On Kaggle, I was trying to replicate the Dogs v Cats inferencing that Jeremy ran off his local machine - and had to muddle around to work out how to directly upload and reference individual test pics from my machine (rather than the web search code from Lesson 1). I’m sharing one way I found, in case its useful to others, or anyone can advise a better way.

  1. Click Datasets in left sidebar, then click New Dataset.

  2. Give the dataset a name and url (like testpets), then drag files from Windows Desktop into the window…

  3. Click Create in previous image.
    Then back where we are coding, click Add data from the right sidebar.

  4. Select Your datasets, then click Add.

  5. Now testpets appears as a pink square under Input.
    Hover over file dog.jpg and click its Copy file path icon.
    Paste that path into our code.
    Execute the cell to see the pic.

4 Likes

…and then I needed to do similar to reference the PKL file, so while I’m on a roll…

  1. Click Add data in right sidebar.

  2. Select Notebook Output Files then Your Work.
    Then click Add on the notebook that generated the model.pkl file.

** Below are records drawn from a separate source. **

Lemma w_split_presentation_lifting : w_split_presentation -> GV_lifting.
Proof.
move=> [Q [g0 [Q_proj [n [d [h [GVd hP]]]]]]] B C g g_surj alpha.
have [u uP] := Q_proj _ _ g g_surj (alpha \o g0).
exists n, d, (fun k => u \o h k); split=> // k x.
by rewrite /= uP /= hP linearZZ.
Qed.

Lemma w_split_presentation_Ext :
  w_split_presentation -> forall (N : lmodType R) j, Ext_GV_torsion j M N.
Proof.
move=> [Q [g0 [Q_proj [n [d [h [GVd hP]]]]]]] N j P phi phi_cocycle.
exists n, d; split=> // r /(in_ideal_lift (alpha := idfun) hP) [H HP].
exact: r_contraction_Ext (r_contraction0 P Q_proj HP) phi_cocycle.
Qed.

Lemma GV_lifting_coker (B C : lmodType R) (g : {linear B -> C}) :
  GV_lifting -> surjective g -> coker_postcomp_GV_torsion M g.
Proof.
move=> lift g_surj alpha; have [n [d [h [GVd hP]]]] := lift _ _ g g_surj alpha.
by exists n, d; split=> //; apply: in_ideal_lift hP.
Qed.

Lemma coker_GV_torsion_w_split (B : lmodType R) (g : {linear B -> M}) :
  coker_postcomp_GV_torsion M g -> w_split_seq g.
Proof.
move=> /(_ idfun) [n [d [GVd dP]]].
exists n, d, (fun k => sval (cid (dP _ (in_ideal_gen d k)))); split=> // k x.
by case: cid.
Qed.

Lemma GV_lifting_w_split_seq (B : lmodType R) (g : {linear B -> M}) :
  GV_lifting -> surjective g -> w_split_seq g.
Proof. by move=> lift g_surj; exact: lift _ _ g g_surj idfun. Qed.

Lemma Ext1_w_split_seq (F : lmodType R) (e : {linear F -> M}) :
  projective F -> surjective e -> Ext_GV_torsion 0 M (kernel e) -> w_split_seq e.
Proof.
move=> F_proj e_surj Ext1; pose P := free_resolution F_proj e_surj.
have d0_ker x : e (pr_d P 0 x) = 0 by exact: pr_ed.
pose phi := kernel_corestr d0_ker.
have phi_cocycle x : phi (pr_d P 1 x) = 0.
  by apply: val_inj; exact: (@pr_dd _ _ P 0 x).
have [n [d [GVd dP]]] := Ext1 P phi phi_cocycle.
suff H k : exists H : {linear M -> F}, forall x, e (H x) = d k *: x.
  by exists n, d, (fun k => sval (cid (H k))); split=> // k x; case: cid.
have [psi psiP] := dP _ (in_ideal_gen d k).
have t_ker y : e y = 0 -> (d k \*: idfun \- (val \o psi)) y = 0.
  move=> /(@pr_exact0 _ _ P) [x <-].
  rewrite -[LHS]/(d k *: pr_d P 0 x - val (psi (pr_d P 0 x))) -psiP.
  by rewrite [val _]linearZZ subrr.
have [H HE] := linear_factor_surj e_surj t_ker.
exists H => x; have [y <-] := e_surj x.
by rewrite HE /= linearB linearZZ (eqP (valP (psi y))) subr0.
Qed.

Lemma w_split_seq_dual_basis : w_split_seq (free_cover M) -> GV_dual_basis.
Proof.
move=> [n [d [h [GVd hP]]]]; exists M, idfun, n, d; split=> //.
exists (fun k i => free_coord i \o h k) => k x.
exists (free_supp (h k x)); split; first exact: free_supp_uniq.
by split=> [i /notin_free_supp|]; rewrite -?hP.
Qed.

Lemma GV_dual_basis_presentation : GV_dual_basis -> w_split_presentation.
Proof.
move=> [I [xs [n [d [GVd [fs fsP]]]]]].
have fs_finsupp k x : finsupp (fun i => fs k i x).
  by have [s [_ [sP _]]] := fsP k x; exists s.
exists (freemod R I), (free_lift xs); split; first exact: free_projective.
exists n, d, (fun k => free_of_coords (fs_finsupp k)); split=> // k x.
have [s [s_uniq [sP ->]]] := fsP k x.
by rewrite /= (free_lift_cover _ s_uniq).
Qed.

Lemma free_cover_presentation :
  w_split_seq (free_cover M) -> w_split_presentation.
Proof.
by exists (freemod R M), (free_cover M); split; first exact: free_projective.
Qed.

Lemma w_split_free_cover_module : w_split_seq (free_cover M) -> w_split_module M.
Proof. exact/w_split_seq_module/free_cover_surj/free_projective. Qed.

Lemma Ext1_presentation :
  (forall N, Ext_GV_torsion 0 M N) -> w_split_presentation.
Proof.
move=> Ext1; apply/free_cover_presentation/Ext1_w_split_seq/Ext1.
  exact: free_projective.
exact: free_cover_surj.
Qed.

End Equivalences.

Unset Implicit Arguments.
Theorem proposition2p5 (R : comPzRingType) (M : lmodType R) :
  [<->
   (* (1) *) w_split_module M;
   (* (2) *) (forall N : lmodType R, Ext_GV_torsion 0 M N);
   (* (3) *) (forall (N : lmodType R) (j : nat), Ext_GV_torsion j M N);
   (* (4) *) (forall (B C : lmodType R) (g : {linear B -> C}),
                surjective g -> coker_postcomp_GV_torsion M g);
   (* (5) *) (forall (F : lmodType R) (g' : {linear F -> M}),
                projective F -> surjective g' ->
                coker_postcomp_GV_torsion M g');
   (* (6) *) (forall (B C : lmodType R) (g : {linear B -> C}),
                surjective g -> forall alpha : {linear M -> C},
                exists (n : nat) (d : 'I_n -> R)
                       (h : 'I_n -> {linear M -> B}),
                  is_GV d /\ forall k x, g (h k x) = d k *: alpha x);
   (* (7) *) (forall (A B : lmodType R) (f : {linear A -> B})
                (g : {linear B -> M}), short_exact f g -> w_split_seq g);
   (* (8) *) (exists (I : eqType) (xs : I -> M) (n : nat) (d : 'I_n -> R),
                is_GV d /\
                exists fs : 'I_n -> I -> {linear M -> R^o},
                  forall (k : 'I_n) (x : M),
                    exists s : seq I, uniq s /\
                      (forall i, i \notin s -> fs k i x = 0) /\
                      d k *: x = \sum_(i <- s) fs k i x *: xs i)].
Proof.
tfae.
- move=> /w_split_module_presentation /w_split_presentation_Ext Ext N.
  exact: Ext.
- by move/Ext1_presentation; exact: w_split_presentation_Ext.
- move=> Ext B C g g_surj; apply: GV_lifting_coker g_surj.
  by apply/w_split_presentation_lifting/Ext1_presentation => N; exact: Ext.
- by move=> coker F g' _ g'_surj; exact: coker g'_surj.
- move=> coker; apply/w_split_presentation_lifting/free_cover_presentation.
  exact/coker_GV_torsion_w_split/coker/free_cover_surj/free_projective.
- by move=> lift A B f g [_ [g_surj _]]; exact: GV_lifting_w_split_seq.
- move=> split_ext; apply/w_split_seq_dual_basis/split_ext.
  exact/kernel_short_exact/free_cover_surj.
- move=> /GV_dual_basis_presentation /w_split_presentation_lifting lift.
  by apply/w_split_free_cover_module/GV_lifting_w_split_seq/free_cover_surj.
Qed.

  3. Hover over file model.pkl and click its Copy file path icon.
    Paste that path into our code, execute that cell and then the next one to see the prediction.

2 Likes

A curiousity… Lesson 2 video at 44:27 shows TensorBase(0)

but when I replicate the notebook on Kaggle it shows tensor(0)

Conventions from my Smalltalk background have me reading the former as a class and the latter as an instance, but I think I’m reading too much into it.

I’ve got a couple of things packed in here…
Here is the my Cats v Dogs notebook in kaggle…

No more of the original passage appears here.